# YOUR ASSIGNMENT
The lines of the records that include "which" should all be copied.

======== DATA SECTION

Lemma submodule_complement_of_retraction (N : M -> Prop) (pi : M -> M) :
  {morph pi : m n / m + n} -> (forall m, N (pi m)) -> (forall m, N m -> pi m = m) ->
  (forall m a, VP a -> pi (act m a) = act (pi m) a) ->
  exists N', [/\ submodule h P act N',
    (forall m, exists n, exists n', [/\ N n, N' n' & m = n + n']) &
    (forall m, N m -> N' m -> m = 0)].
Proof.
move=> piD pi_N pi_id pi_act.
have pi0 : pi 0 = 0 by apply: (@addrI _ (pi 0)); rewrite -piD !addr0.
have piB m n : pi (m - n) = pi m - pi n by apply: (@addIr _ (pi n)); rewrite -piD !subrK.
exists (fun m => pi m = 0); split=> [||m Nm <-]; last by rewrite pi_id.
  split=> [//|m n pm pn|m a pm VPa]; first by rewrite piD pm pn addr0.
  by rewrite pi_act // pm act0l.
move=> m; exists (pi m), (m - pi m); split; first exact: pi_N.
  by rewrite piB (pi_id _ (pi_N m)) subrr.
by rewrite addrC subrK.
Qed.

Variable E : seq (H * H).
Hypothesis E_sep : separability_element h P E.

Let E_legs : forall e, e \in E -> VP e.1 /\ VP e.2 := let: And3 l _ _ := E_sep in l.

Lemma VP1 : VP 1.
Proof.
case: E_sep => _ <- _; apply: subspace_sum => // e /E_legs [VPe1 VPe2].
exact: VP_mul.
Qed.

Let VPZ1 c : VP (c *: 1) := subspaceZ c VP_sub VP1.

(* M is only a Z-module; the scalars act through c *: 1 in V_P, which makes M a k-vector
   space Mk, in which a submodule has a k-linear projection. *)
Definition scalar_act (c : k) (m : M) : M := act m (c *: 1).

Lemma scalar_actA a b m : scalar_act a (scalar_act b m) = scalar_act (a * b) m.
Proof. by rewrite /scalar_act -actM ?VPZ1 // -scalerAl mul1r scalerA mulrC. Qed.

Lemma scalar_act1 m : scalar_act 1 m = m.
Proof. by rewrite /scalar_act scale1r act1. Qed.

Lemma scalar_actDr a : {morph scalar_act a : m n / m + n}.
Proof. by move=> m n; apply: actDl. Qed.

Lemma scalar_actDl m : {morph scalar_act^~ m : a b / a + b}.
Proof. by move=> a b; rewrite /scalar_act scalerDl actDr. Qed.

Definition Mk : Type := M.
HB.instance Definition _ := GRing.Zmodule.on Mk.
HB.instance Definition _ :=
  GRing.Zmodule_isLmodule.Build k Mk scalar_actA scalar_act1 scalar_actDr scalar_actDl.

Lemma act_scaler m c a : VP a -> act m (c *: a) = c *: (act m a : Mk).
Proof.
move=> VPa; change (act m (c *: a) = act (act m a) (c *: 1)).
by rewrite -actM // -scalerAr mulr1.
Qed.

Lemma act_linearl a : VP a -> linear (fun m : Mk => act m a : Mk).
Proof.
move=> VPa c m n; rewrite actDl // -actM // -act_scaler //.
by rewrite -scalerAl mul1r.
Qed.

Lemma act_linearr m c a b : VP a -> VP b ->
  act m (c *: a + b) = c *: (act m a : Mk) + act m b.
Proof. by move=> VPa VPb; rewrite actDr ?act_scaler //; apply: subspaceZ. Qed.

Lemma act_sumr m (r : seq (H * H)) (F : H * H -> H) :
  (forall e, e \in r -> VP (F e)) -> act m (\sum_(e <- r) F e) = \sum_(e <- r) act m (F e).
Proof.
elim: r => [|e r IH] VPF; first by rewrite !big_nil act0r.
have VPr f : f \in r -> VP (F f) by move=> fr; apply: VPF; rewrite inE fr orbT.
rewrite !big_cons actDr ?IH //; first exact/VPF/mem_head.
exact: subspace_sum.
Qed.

================
======== DATA SECTION

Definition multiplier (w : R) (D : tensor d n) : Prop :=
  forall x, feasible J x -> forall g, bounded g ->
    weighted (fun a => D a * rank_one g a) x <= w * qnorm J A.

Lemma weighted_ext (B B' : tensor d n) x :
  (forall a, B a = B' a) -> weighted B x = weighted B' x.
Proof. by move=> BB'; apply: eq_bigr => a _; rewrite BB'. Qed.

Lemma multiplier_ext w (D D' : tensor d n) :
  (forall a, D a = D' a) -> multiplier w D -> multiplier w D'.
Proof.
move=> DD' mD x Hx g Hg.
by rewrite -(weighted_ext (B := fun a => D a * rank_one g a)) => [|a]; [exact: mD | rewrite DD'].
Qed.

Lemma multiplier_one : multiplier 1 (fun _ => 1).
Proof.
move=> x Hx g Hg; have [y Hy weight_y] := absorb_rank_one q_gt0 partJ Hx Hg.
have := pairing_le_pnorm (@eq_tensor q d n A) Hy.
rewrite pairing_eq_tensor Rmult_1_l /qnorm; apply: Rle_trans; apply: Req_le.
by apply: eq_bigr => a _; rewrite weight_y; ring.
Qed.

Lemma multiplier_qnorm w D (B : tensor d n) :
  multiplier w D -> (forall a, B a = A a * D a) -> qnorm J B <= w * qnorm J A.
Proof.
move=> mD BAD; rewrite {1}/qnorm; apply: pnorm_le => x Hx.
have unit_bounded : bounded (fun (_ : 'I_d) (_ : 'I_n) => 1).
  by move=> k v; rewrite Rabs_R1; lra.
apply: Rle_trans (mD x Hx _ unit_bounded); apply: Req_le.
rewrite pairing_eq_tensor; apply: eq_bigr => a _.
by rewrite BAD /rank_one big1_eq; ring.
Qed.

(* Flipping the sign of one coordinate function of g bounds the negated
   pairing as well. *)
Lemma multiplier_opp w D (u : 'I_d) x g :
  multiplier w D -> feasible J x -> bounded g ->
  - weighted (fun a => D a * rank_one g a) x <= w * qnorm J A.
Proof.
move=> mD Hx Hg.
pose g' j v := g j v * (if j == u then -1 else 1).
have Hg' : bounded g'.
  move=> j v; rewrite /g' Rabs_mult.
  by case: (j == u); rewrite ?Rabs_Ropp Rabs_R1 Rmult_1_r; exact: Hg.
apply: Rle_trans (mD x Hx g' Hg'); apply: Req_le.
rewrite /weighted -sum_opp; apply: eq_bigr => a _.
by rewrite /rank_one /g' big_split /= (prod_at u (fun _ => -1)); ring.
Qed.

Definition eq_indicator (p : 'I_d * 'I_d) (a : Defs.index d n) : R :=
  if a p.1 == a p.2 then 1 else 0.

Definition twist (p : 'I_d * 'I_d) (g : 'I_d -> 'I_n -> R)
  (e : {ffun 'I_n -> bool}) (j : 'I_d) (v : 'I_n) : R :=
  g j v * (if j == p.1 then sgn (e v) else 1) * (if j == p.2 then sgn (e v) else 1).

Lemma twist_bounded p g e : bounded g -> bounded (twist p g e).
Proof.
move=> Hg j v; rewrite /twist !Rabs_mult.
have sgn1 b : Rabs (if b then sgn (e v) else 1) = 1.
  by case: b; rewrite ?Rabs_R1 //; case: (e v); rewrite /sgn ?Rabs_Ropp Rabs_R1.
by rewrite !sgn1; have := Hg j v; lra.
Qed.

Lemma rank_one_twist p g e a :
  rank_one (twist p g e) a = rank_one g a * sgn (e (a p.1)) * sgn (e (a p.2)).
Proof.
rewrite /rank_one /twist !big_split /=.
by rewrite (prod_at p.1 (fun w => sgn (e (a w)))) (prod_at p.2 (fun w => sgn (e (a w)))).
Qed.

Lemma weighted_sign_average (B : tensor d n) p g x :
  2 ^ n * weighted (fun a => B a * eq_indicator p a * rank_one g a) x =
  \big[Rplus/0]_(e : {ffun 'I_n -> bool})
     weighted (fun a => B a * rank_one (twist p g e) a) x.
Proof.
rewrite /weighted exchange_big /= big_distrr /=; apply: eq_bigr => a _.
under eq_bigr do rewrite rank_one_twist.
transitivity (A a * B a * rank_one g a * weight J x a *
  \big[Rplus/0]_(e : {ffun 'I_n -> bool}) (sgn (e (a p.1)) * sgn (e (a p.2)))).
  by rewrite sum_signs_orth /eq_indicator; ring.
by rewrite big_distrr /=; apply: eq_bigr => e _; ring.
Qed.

================

# SOLUTION
(* M is only a Z-module; the scalars act through c *: 1 in V_P, which makes M a k-vector
   space Mk, in which a submodule has a k-linear projection. *)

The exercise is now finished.